▸ Supplied material

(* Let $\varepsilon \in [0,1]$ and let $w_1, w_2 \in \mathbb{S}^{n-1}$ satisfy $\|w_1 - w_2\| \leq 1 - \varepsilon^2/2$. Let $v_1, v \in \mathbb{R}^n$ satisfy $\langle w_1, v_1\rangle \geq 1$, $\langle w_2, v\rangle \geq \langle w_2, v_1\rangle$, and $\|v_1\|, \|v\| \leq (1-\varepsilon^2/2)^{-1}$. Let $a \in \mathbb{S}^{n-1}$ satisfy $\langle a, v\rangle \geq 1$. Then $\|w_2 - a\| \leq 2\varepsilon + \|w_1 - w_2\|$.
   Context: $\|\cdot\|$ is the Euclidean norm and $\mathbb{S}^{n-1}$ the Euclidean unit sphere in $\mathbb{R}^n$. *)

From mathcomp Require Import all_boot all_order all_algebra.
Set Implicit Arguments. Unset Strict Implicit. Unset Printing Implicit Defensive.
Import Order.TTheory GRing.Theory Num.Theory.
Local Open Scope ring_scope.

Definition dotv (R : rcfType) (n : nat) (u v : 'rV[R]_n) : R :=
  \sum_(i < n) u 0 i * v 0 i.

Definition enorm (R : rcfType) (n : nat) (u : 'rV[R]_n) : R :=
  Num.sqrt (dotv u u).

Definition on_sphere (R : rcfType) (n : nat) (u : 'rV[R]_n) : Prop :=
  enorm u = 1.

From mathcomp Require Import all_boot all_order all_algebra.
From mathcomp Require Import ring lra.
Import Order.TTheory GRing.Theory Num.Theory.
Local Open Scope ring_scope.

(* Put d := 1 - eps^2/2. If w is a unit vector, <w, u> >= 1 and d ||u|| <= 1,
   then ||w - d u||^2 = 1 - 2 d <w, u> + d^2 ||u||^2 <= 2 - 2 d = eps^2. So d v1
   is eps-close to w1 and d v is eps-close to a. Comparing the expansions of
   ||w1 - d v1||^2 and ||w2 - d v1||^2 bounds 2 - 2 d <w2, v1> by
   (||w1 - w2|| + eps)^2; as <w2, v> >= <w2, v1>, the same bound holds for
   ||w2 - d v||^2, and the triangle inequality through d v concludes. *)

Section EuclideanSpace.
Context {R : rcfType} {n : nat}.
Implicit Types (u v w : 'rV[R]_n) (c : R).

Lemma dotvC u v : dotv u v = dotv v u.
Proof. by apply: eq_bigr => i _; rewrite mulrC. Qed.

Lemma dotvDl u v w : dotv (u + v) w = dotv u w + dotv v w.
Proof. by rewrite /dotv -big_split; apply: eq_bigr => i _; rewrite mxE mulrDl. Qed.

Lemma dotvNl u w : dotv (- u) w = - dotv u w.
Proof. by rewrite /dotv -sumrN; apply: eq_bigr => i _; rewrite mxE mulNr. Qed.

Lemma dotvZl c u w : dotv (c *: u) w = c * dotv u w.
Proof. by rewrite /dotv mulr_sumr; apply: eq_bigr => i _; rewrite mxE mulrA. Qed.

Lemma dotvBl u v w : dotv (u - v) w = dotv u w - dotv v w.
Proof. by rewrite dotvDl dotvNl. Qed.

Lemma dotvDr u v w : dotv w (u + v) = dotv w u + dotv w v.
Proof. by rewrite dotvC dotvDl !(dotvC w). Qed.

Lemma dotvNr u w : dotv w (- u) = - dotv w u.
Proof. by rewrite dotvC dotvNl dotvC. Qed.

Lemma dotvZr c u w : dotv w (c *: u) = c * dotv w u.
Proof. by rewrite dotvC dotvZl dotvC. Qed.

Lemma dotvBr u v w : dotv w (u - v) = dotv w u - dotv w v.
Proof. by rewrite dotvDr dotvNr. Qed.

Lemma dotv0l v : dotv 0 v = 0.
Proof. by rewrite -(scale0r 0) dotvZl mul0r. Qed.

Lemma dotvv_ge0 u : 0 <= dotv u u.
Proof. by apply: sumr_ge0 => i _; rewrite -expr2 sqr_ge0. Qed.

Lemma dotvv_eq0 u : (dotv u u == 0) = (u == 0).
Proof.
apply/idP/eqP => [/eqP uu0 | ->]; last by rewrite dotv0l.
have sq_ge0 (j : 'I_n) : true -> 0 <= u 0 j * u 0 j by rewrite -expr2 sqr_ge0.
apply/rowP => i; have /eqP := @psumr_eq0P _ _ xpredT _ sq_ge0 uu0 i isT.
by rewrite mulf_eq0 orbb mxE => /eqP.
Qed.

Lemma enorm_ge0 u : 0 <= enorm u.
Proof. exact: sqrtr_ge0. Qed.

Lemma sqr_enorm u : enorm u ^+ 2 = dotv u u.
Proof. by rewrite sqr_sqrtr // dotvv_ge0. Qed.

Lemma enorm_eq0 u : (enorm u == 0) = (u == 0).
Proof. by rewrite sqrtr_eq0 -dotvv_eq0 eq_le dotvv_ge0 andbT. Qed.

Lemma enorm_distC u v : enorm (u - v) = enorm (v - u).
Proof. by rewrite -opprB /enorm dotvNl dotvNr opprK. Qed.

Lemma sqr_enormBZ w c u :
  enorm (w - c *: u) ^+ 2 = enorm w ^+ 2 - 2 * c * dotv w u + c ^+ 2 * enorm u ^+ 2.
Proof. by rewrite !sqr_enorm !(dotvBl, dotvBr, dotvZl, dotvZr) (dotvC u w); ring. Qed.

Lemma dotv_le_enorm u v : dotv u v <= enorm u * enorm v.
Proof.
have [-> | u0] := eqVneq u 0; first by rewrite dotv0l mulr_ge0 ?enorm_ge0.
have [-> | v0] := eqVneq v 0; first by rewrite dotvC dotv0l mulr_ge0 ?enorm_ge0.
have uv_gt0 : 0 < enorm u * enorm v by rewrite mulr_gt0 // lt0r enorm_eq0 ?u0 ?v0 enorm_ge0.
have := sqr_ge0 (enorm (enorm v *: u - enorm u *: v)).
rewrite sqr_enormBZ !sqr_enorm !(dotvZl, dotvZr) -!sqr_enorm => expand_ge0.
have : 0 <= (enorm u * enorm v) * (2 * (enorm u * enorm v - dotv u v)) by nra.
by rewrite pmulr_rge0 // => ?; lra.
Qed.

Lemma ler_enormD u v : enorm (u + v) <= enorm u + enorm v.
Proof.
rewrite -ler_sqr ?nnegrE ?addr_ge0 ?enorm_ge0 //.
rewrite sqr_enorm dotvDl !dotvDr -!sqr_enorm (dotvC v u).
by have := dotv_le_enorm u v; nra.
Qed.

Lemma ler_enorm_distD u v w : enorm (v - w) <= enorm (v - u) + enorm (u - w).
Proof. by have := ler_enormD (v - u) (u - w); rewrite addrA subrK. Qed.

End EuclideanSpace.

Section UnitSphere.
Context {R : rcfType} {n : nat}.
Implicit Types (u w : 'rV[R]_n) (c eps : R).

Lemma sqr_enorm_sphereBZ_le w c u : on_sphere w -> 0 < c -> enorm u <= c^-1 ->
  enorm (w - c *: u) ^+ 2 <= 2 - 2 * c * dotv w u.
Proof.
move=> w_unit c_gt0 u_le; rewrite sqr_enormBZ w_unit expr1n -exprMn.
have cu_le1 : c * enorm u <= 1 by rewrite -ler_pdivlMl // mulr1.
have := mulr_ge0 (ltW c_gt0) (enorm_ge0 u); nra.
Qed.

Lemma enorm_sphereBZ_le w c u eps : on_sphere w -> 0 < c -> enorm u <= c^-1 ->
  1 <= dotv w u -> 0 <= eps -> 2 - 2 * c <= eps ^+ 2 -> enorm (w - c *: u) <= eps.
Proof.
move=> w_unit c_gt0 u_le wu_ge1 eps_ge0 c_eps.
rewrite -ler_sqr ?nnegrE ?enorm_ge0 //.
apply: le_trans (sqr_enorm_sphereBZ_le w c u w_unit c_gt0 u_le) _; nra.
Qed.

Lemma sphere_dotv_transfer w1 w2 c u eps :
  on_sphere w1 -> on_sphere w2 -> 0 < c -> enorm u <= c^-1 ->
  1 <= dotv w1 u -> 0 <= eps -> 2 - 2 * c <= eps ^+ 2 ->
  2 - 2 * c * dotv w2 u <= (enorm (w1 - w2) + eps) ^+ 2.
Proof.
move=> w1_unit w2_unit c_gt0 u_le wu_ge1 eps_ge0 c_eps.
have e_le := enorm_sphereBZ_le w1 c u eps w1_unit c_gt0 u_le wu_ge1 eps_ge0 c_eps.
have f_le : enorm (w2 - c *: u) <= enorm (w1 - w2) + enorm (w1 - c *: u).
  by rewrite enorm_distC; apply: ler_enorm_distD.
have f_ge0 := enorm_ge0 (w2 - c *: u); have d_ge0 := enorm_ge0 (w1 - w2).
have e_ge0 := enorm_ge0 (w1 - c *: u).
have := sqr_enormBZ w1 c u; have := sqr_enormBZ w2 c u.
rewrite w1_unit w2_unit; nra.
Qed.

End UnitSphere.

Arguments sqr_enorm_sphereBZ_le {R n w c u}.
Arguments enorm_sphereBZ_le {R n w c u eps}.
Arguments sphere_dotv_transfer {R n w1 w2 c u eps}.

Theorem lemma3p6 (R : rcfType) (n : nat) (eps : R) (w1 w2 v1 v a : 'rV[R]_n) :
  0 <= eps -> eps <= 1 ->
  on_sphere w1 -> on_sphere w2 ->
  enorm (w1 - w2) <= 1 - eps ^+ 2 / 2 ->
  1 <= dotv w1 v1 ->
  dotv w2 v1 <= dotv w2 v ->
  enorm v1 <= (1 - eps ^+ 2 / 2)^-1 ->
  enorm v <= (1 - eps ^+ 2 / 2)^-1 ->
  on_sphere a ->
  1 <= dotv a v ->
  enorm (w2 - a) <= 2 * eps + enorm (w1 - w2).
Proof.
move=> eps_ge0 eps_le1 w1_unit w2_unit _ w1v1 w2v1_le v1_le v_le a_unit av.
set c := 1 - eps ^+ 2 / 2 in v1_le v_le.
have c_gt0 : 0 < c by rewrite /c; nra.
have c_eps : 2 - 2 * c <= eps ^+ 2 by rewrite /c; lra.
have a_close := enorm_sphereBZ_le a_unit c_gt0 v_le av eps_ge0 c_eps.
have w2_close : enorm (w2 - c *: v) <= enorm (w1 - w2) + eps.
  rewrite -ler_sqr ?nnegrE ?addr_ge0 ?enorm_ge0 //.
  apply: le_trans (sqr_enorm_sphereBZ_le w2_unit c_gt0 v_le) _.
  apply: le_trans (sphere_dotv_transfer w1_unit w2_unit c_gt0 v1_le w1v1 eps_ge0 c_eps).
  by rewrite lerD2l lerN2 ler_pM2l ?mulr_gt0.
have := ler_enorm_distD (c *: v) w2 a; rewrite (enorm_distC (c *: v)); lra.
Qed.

...

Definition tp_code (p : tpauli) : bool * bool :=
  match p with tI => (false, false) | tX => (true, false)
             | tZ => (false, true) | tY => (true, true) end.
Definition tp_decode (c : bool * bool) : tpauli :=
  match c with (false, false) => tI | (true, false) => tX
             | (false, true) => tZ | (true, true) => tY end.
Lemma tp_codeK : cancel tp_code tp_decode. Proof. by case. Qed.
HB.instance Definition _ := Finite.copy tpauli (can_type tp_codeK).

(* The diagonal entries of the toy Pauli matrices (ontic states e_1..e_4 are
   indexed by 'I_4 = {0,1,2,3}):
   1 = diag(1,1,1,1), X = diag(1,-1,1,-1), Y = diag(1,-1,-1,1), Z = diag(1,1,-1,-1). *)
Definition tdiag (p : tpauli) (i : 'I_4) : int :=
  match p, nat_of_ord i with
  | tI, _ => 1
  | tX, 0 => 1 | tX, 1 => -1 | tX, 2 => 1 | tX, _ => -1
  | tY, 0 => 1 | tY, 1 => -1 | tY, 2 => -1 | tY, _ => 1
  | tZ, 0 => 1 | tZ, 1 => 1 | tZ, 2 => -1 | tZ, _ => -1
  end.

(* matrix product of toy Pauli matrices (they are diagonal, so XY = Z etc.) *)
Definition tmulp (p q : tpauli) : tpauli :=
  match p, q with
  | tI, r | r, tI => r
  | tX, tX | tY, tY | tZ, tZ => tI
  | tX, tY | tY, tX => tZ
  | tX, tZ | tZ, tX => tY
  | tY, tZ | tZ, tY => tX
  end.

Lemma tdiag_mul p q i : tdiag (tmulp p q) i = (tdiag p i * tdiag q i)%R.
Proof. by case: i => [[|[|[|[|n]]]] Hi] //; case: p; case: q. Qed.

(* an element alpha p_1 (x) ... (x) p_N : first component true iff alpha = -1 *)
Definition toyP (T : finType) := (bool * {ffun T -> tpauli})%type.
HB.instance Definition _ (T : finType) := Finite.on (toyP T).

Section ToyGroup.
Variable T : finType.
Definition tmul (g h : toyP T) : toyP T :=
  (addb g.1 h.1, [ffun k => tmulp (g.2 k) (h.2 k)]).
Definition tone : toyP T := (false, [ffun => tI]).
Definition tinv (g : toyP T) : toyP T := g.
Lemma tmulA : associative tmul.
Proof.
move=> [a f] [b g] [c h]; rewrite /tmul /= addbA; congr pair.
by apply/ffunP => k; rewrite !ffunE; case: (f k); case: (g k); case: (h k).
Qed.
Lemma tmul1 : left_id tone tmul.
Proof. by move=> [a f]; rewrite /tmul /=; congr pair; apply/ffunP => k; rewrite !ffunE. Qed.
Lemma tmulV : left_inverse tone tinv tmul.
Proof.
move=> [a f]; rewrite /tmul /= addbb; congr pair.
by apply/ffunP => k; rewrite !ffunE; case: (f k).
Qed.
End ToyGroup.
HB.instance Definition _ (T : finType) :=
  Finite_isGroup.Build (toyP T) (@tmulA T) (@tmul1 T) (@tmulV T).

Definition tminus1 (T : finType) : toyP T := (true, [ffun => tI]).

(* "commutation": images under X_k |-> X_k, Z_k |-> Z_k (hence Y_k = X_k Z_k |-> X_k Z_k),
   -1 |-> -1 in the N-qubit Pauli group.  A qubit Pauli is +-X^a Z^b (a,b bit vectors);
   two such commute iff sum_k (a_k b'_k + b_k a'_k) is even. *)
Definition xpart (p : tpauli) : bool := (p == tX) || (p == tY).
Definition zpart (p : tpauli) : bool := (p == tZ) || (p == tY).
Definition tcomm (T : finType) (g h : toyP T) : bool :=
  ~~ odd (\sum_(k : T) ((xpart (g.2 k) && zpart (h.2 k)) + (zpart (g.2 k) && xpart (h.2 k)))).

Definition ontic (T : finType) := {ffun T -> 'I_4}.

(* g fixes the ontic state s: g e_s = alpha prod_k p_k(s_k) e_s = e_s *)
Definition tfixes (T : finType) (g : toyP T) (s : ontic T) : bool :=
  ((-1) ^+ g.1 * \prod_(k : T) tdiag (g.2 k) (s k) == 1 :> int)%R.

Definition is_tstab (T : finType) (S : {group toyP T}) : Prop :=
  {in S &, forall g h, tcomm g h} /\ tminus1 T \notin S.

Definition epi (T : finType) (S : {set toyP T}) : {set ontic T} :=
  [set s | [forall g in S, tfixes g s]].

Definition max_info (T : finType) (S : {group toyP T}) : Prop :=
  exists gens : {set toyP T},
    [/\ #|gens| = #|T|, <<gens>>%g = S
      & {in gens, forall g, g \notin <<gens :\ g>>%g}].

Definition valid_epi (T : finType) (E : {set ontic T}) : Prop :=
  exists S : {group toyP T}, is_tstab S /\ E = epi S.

▸ Exercise instructions
Among the records above, repeat exactly the line with "(* an element", the line with "Definition tmul (g", and every line in between, and only those.

▸ Written reply
(* an element alpha p_1 (x) ... (x) p_N : first component true iff alpha = -1 *)
Definition toyP (T : finType) := (bool * {ffun T -> tpauli})%type.
HB.instance Definition _ (T : finType) := Finite.on (toyP T).

Section ToyGroup.
Variable T : finType.
Definition tmul (g h : toyP T) : toyP T :=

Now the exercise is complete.